As my blog is currently the only site with SSL support I have:

paul@vm:~$ ls /srv/certs/
blockdev.io.crt  blockdev.io.key

So for my personal website (which does not use SSL) the compose YAML includes:

paulridgway_web:
  container_name: paulridgway_web
  hostname: paulridgway-web
  image: paulridgway
  restart: always
  links:
    - db:paulridgway_db
  environment:
    - VIRTUAL_HOST=paulridgway.co.uk,www.paulridgway.co.uk

nginx_proxy looks at specific environment variables to set itself up, so in this case I am telling it which virtual hosts to respond to, but everything else is default (port: 80, protocol: HTTP).

And for my blog I then have:

blog_web:
  container_name: blog_web
  hostname: blog-web
  image: ghost-blog
  restart: always
  links:
    - db:blog_db
  volumes:
    - /srv/containers/blog:/srv/ghost/content
  environment:
    - EMAIL_USER=top@secret.io
    - EMAIL_PASS=password1lol
    - VIRTUAL_HOST=blockdev.io
    - VIRTUAL_PORT=2368

This container doesn't listen on port 80, so as well as the virtual host(s) I have to specify the port too.
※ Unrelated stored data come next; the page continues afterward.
Lemma shell_sum (m : nat) (P : list (pt d)) : (1 <= m)%nat -> NoDup P ->
  (forall j, In j P -> Z.of_nat m <= distinf j i < Z.of_nat (2 * m))%Z ->
  sumR weight P <= 4 ^ d * Rpower (INR m) (- s).
Proof.
  intros hm hP hr. assert (hm' : 0 < INR m) by (apply lt_0_INR; lia).
  assert (hl : (length P <= (4 * m) ^ d)%nat).
  { transitivity (length (cube_list i (2 * m - 1))).
    - apply NoDup_incl_length; auto. intros j hj. apply in_cube_list. specialize (hr j hj); lia.
    - rewrite cube_list_length. apply Nat.pow_le_mono_l. lia. }
  apply le_INR in hl. rewrite pow_INR, mult_INR in hl. replace (INR 4) with 4 in hl by (simpl; lra).
  eapply Rle_trans; [apply (sumR_le_const _ _ (Rpower (INR m) (- (INR d + s))))|].
  - intros j hj. apply Rpower_opp_le; [|pose proof (pos_INR d); lra].
    specialize (hr j hj). rewrite INR_IZR_INZ in hm' |- *. split; auto. apply IZR_le; lia.
  - rewrite Rpower_opp_add_nat by auto. rewrite Rpow_mult_distr in hl.
    pose proof (Rpower_pos (INR m) (- s)). pose proof (pow_lt (INR m) d hm').
    apply Rle_trans with (4 ^ d * INR m ^ d * (/ INR m ^ d * Rpower (INR m) (- s))).
    + apply Rmult_le_compat_r; auto. apply Rmult_le_pos; [apply Rlt_le, Rinv_0_lt_compat|]; lra.
    + right. field. lra.
Qed.

Lemma tail_dyadic k : forall (m : nat) (P : list (pt d)), (1 <= m)%nat -> NoDup P ->
  (forall j, In j P -> Z.of_nat m <= distinf j i < Z.of_nat (2 ^ k * m))%Z ->
  sumR weight P <= tail_const d s * Rpower (INR m) (- s).
Proof.
  induction k as [|k IH]; intros m P hm hP hr.
  - destruct P as [|j P].
    + pose proof (tail_const_pos d s hs); pose proof (Rpower_pos (INR m) (- s)).
      apply Rlt_le, Rmult_lt_0_compat; auto.
    + specialize (hr j (or_introl eq_refl)). simpl in hr. lia.
  - set (near := fun j => Z.ltb (distinf j i) (Z.of_nat (2 * m))).
    assert (hm' : 0 < INR m) by (apply lt_0_INR; lia).
    assert (Hnear : sumR weight (filter near P) <= 4 ^ d * Rpower (INR m) (- s)).
    { apply shell_sum; [auto | apply NoDup_filter; auto|].
      intros j hj. apply filter_In in hj. destruct hj as [hj1 hj2]. apply Z.ltb_lt in hj2.
      specialize (hr j hj1); lia. }
    assert (Hfar : sumR weight (filter (fun j => negb (near j)) P) <=
                   tail_const d s * Rpower 2 (- s) * Rpower (INR m) (- s)).
    { rewrite Rmult_assoc, Rpower_mult_distr by lra.
      replace (2 * INR m) with (INR (2 * m)) by (rewrite mult_INR; simpl; lra).
      apply IH; [lia | apply NoDup_filter; auto|].
      intros j hj. apply filter_In in hj. destruct hj as [hj1 hj2].
      apply Bool.negb_true_iff, Z.ltb_ge in hj2. specialize (hr j hj1).
      rewrite Nat.pow_succ_r' in hr. lia. }
    rewrite (sumR_filter_split weight near), <- (tail_const_eq d s hs). lra.
Qed.

Lemma tail_sum (m : nat) (P : list (pt d)) : (1 <= m)%nat -> NoDup P ->
  (forall j, In j P -> Z.of_nat m <= distinf j i)%Z ->
  sumR weight P <= tail_const d s * Rpower (INR m) (- s).
Proof.
  intros hm hP hr.
  set (F := fold_right Z.max 0%Z (map (fun j => distinf j i) P)).
  apply (tail_dyadic (Z.to_nat F)); auto.
  intros j hj. split; auto.
  assert (hF : (distinf j i <= F)%Z) by exact (fold_max_ge (fun j => distinf j i) P j hj).
  assert (hlt : (Z.to_nat F < 2 ^ Z.to_nat F * m)%nat)
    by (pose proof (Nat.pow_gt_lin_r 2 (Z.to_nat F) ltac:(lia)); nia).
  pose proof (distinf_nonneg j i). lia.
Qed.

End Tail.

Lemma J_tail_sum {d} (J : pt d -> pt d -> R) s lam Lam (i : pt d) (m : nat) (P : list (pt d)) :
  0 < s -> 0 < Lam -> JP J s lam Lam -> (1 <= m)%nat -> NoDup P ->
  (forall j, In j P -> Z.of_nat m <= distinf j i)%Z ->
  sumR (J i) P <= Lam * tail_const d s * Rpower (INR m) (- s).
Proof.
  intros hs hL hJ hm hP hr. rewrite Rmult_assoc.
  eapply Rle_trans; [|apply Rmult_le_compat_l; [lra | apply (tail_sum s hs i m P hm hP hr)]].
  rewrite <- sumR_scal_l. apply sumR_le. intros j hj.
  assert (hne : i <> j).
  { intros <-. specialize (hr i hj). rewrite distinf_diag in hr. lia. }
  eapply Rle_trans; [apply (hJ i j hne)|].
  apply Rmult_le_compat_l; [lra|]. apply Rpower_opp_le; [|pose proof (pos_INR d); lra].
  pose proof (distinf_ge1 j i (not_eq_sym hne)). pose proof (distinf_le_dist1 i j) as h1.
  rewrite distinf_sym in h1. split; [apply IZR_lt | apply IZR_le]; lia.
Qed.

Lemma H_value_ge_sum {d} (J : pt d -> pt d -> R) Gam u Su lst :
  H_value J Gam u Su -> NoDup lst -> Forall (Hindex Gam) lst -> sumR (Hterm J u) lst <= Su.
Proof. intros [H _] hnd hfa. apply H. exists lst; auto. Qed.

(* The bound makes [H(v)] finite (its partial sums have a least upper bound), so minimality applies to [v]. *)
Lemma minimizer_competitor {d} (J : pt d -> pt d -> R) Gam u v c :
  minimizer J Gam u -> config v -> (forall i, ~ Gam i -> v i = u i) ->
  (forall Su, H_value J Gam u Su -> forall lst, NoDup lst -> Forall (Hindex Gam) lst ->
     sumR (Hterm J v) lst <= Su - c) ->
  c <= 0.
Proof.
  intros [Su [HSu Hmin]] hv hvu Hbound.
  set (E := fun x => exists lst : list (pt d * pt d), NoDup lst /\ Forall (Hindex Gam) lst /\
             x = fold_right Rplus 0 (map (Hterm J v) lst)).
  assert (hub : is_upper_bound E (Su - c)).
  { intros x [lst [h1 [h2 ->]]]. apply (Hbound Su HSu lst h1 h2). }
  destruct (completeness E) as [Sv HSv]; [exists (Su - c); auto | exists 0, []; repeat split; constructor|].
  assert (Su <= Sv) by (apply (Hmin v hv hvu); auto).
  pose proof (proj2 HSv _ hub). lra.
Qed.

Lemma minimizer_opp {d} (J : pt d -> pt d -> R) Gam (u : pt d -> Z) :
  minimizer J Gam u -> minimizer J Gam (fun i => (- u i)%Z).
Proof.
  assert (hopp : forall w : pt d -> Z, Hterm J (fun i => (- w i)%Z) = Hterm J w).
  { intros w; apply functional_extensionality; intros p. unfold Hterm. rewrite Z.mul_opp_opp. reflexivity. }
  intros [Su [HSu Hm]]. exists Su. split; [unfold H_value; rewrite hopp; auto|].
  intros v hv hag Sv HSv. apply (Hm (fun i => (- v i)%Z)).
  - intros i; destruct (hv i) as [-> | ->]; auto.
  - intros i hi. rewrite hag by auto. lia.
  - unfold H_value in *. rewrite hopp; auto.
Qed.

Lemma sumR_indicator {d} (A : list (pt d)) (x : pt d) c : NoDup A ->
  sumR (fun i => if peqb x i then c else 0) A = if in_dec pt_eq_dec x A then c else 0.
Proof.
  induction A as [|a A IH]; intros hA; [reflexivity|].
  inversion hA; subst. rewrite sumR_cons, IH by auto. unfold peqb.
  destruct (pt_eq_dec x a) as [<-|hxa].
  - destruct (in_dec pt_eq_dec x A); [tauto|]. destruct (in_dec pt_eq_dec x (x :: A)); simpl in *; [lra|tauto].
  - destruct (in_dec pt_eq_dec x A), (in_dec pt_eq_dec x (a :: A)) as [[|]|]; simpl in *; subst; tauto || lra.
Qed.

Lemma sumR_group_fst {d} (A : list (pt d)) (L : list (pt d * pt d)) (h : pt d * pt d -> R) :
  NoDup A -> (forall p, In p L -> ~ In (fst p) A -> h p = 0) ->
  sumR h L = sumR (fun i => sumR h (filter (fun p => peqb (fst p) i) L)) A.
Proof.
  intros hA. induction L as [|p L IH]; intros hh; [symmetry; apply sumR_zero|].
  rewrite sumR_cons, IH by (intros; apply hh; simpl; auto).
  transitivity (sumR (fun i => (if peqb (fst p) i then h p else 0) +
                               sumR h (filter (fun p => peqb (fst p) i) L)) A).
  - rewrite sumR_plus, sumR_indicator by auto. f_equal.
    destruct (in_dec pt_eq_dec (fst p) A); auto. apply hh; simpl; auto.
  - apply sumR_ext; intros i _. simpl. destruct (peqb (fst p) i); rewrite ?sumR_cons; lra.
Qed.

Definition swap {A} (p : A * A) : A * A := (snd p, fst p).

Definition neg_cube {d} (u : pt d -> Z) (q : pt d) (r : nat) : list (pt d) :=
  filter (fun i => Z.eqb (u i) (-1)) (cube_list q r).

Definition neg_count {d} (u : pt d -> Z) (q : pt d) (r : nat) : nat := length (neg_cube u q r).

(* [depth q r i] is a lower bound for the l^oo distance from [i] in Q_r(q) to the outside of Q_r(q). *)
Definition depth {d} (q : pt d) (r : nat) (i : pt d) : nat := (r + 1 - Z.to_nat (distinf i q))%nat.

Definition escape_bound {d} (s Lam : R) (q : pt d) (u : pt d -> Z) (r : nat) : R :=
  sumR (fun i => Lam * tail_const d s * Rpower (INR (depth q r i)) (- s)) (neg_cube u q r).

Lemma neg_cube_NoDup {d} (u : pt d -> Z) q r : NoDup (neg_cube u q r).
Proof. apply NoDup_filter, cube_list_NoDup. Qed.

Lemma in_neg_cube {d} (u : pt d -> Z) q r i :
  In i (neg_cube u q r) <-> u i = (-1)%Z /\ (distinf i q <= Z.of_nat r)%Z.
Proof. unfold neg_cube. rewrite filter_In, in_cube_list, Z.eqb_eq. tauto. Qed.

Lemma neg_count_mono {d} (u : pt d -> Z) q r r' : (r <= r')%nat -> (neg_count u q r <= neg_count u q r')%nat.
Proof.
  intros h. apply NoDup_incl_length; [apply neg_cube_NoDup|].
  intros i hi. apply in_neg_cube in hi. apply in_neg_cube. lia.
Qed.

Lemma depth_le_distinf {d} (q : pt d) r i j :
  (distinf i q <= Z.of_nat r)%Z -> (Z.of_nat r < distinf j q)%Z -> (Z.of_nat (depth q r i) <= distinf j i)%Z.
Proof.
  intros hi hj. pose proof (distinf_triangle j i q). pose proof (distinf_nonneg i q). unfold depth. lia.
Qed.

Lemma J_sum_escape {d} (J : pt d -> pt d -> R) s lam Lam (u : pt d -> Z) q r i P :
  0 < s -> 0 < Lam -> JP J s lam Lam -> In i (neg_cube u q r) -> NoDup P ->
  (forall j, In j P -> ~ In j (neg_cube u q r) /\ u j = (-1)%Z) ->
  sumR (J i) P <= Lam * tail_const d s * Rpower (INR (depth q r i)) (- s).
Proof.
  intros hs hL hJ hi hP hout. apply in_neg_cube in hi.
  apply J_tail_sum with lam; auto; [unfold depth; lia|].
  intros j hj. apply depth_le_distinf; [tauto|].
  destruct (hout j hj) as [hnj huj]. destruct (Z.lt_ge_cases (Z.of_nat r) (distinf j q)); auto.
  exfalso; apply hnj, in_neg_cube; auto.
Qed.

Section Flip.
Context {d : nat} (J : pt d -> pt d -> R) (s lam Lam : R) (q : pt d) (l : nat) (u : pt d -> Z).
Hypotheses (hJ0 : J_nonneg J) (hJ1 : J1 J) (hJP : JP J s lam Lam) (hs : 0 < s) (hL : 0 < Lam)
  (hu : config u) (hmin : minimizer J (cube l q) u).
Variable r : nat.
Hypothesis hrl : (r <= l)%nat.

Let A := neg_cube u q r.
Let Y := escape_bound s Lam q u r.
Let inA (i : pt d) : bool := if in_dec pt_eq_dec i A then true else false.
Let v (i : pt d) : Z := if inA i then 1%Z else u i.

Lemma inA_true i : inA i = true <-> In i A.
Proof. unfold inA. destruct (in_dec pt_eq_dec i A); split; auto; discriminate. Qed.

(* In the flipped configuration a pair touching [A] costs only through a remaining minus point,
   and such points lie outside Q_r(q), at distance at least [depth] from [A]. *)
Let flip_cost (p : pt d * pt d) : R :=
  if inA (fst p) then (if Z.eqb (v (snd p)) (-1) then 2 * J (fst p) (snd p) else 0) else 0.

Lemma flip_cost_le L : NoDup L -> sumR flip_cost L <= 2 * Y.
Proof.
  intros hL'. rewrite (sumR_group_fst A); [|apply neg_cube_NoDup|].
  2: { intros p _ hp. unfold flip_cost. destruct (inA (fst p)) eqn:e; auto. apply inA_true in e; tauto. }
  unfold Y, escape_bound. fold A. rewrite <- sumR_scal_l. apply sumR_le. intros i hi.
  set (Li := filter (fun p => peqb (fst p) i) L).
  transitivity (2 * sumR (J i) (filter (fun j => Z.eqb (v j) (-1)) (map snd Li))).
  - rewrite <- sumR_filter, <- sumR_scal_l, sumR_map. right. apply sumR_ext. intros p hp.
    apply filter_In in hp. destruct hp as [_ hp]. apply peqb_true in hp.
    unfold flip_cost. rewrite hp. replace (inA i) with true by (symmetry; apply inA_true; auto).
    destruct (Z.eqb (v (snd p)) (-1)); lra.
  - apply Rmult_le_compat_l; [lra|]. apply (J_sum_escape J s lam Lam u q r); auto.
    + apply NoDup_filter, NoDup_map_NoDup_ForallPairs; [|apply NoDup_filter; auto].
      intros [a b] [a' b'] h1 h2 e. apply filter_In in h1, h2. simpl in *.
      destruct h1 as [_ h1], h2 as [_ h2]. apply peqb_true in h1, h2. congruence.
    + intros j hj. apply filter_In in hj. destruct hj as [_ hj]. apply Z.eqb_eq in hj.
      unfold v in hj. destruct (inA j) eqn:e; [discriminate|].
      split; auto. intros hjA. apply inA_true in hjA. congruence.
Qed.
As stated above, nginx_proxy will detect the matching certificate for the virtual host and serve that through SSL, redirecting any HTTP requests to HTTPS.

Renewal

One small 'hassle' (security mechanism) is that the Let's Encrypt certificates are valid for a more limited amount of time (compared to a 'traditional' SSL certificate that you can purchase for a year, or two, or more). At the moment they last for 3 months, so you need an easy renewal mechanism if you're not using their automated tooling.

As the issuing process creates config files on the host the renewal process is quite simple, I use the following script to do it in one go:

#!/bin/bash

echo "Updating container image..."
docker pull quay.io/letsencrypt/letsencrypt

echo "Stopping nginx proxy..."
docker stop nginx_proxy

echo "Running update..."
docker run -it --rm -p 443:443 -p 80:80 --name letsencrypt -v 
/etc/letsencrypt:/etc/letsencrypt -v /var/lib/letsencrypt:/var/lib/letsencrypt quay.io/letsencrypt/letsencrypt:latest renew

echo "Copying certificates..."
sudo cp /etc/letsencrypt/live/blockdev.io/privkey.pem /srv/certs/blockdev.io.key 
sudo cp /etc/letsencrypt/live/blockdev.io/fullchain.pem /srv/certs/blockdev.io.crt 

echo "Starting nginx proxy..."
docker start nginx_proxy

The script first pulls the latest container image for letsencrypt.

Note: Docker will do this by default on run but pulling before stopping the nginx_proxy minimises downtime as the proxy must be stopped for both renewal and for issuing the certificates which effectively takes your sites down.

Next the nginx_proxy is stopped.

Then the update process is run which is completely automatic using the same volume mounts where configurations were deposited during the issuing.

Finally it copies the newly issues certificates to the location expected by nginx_proxy and starts the nginx_proxy container again.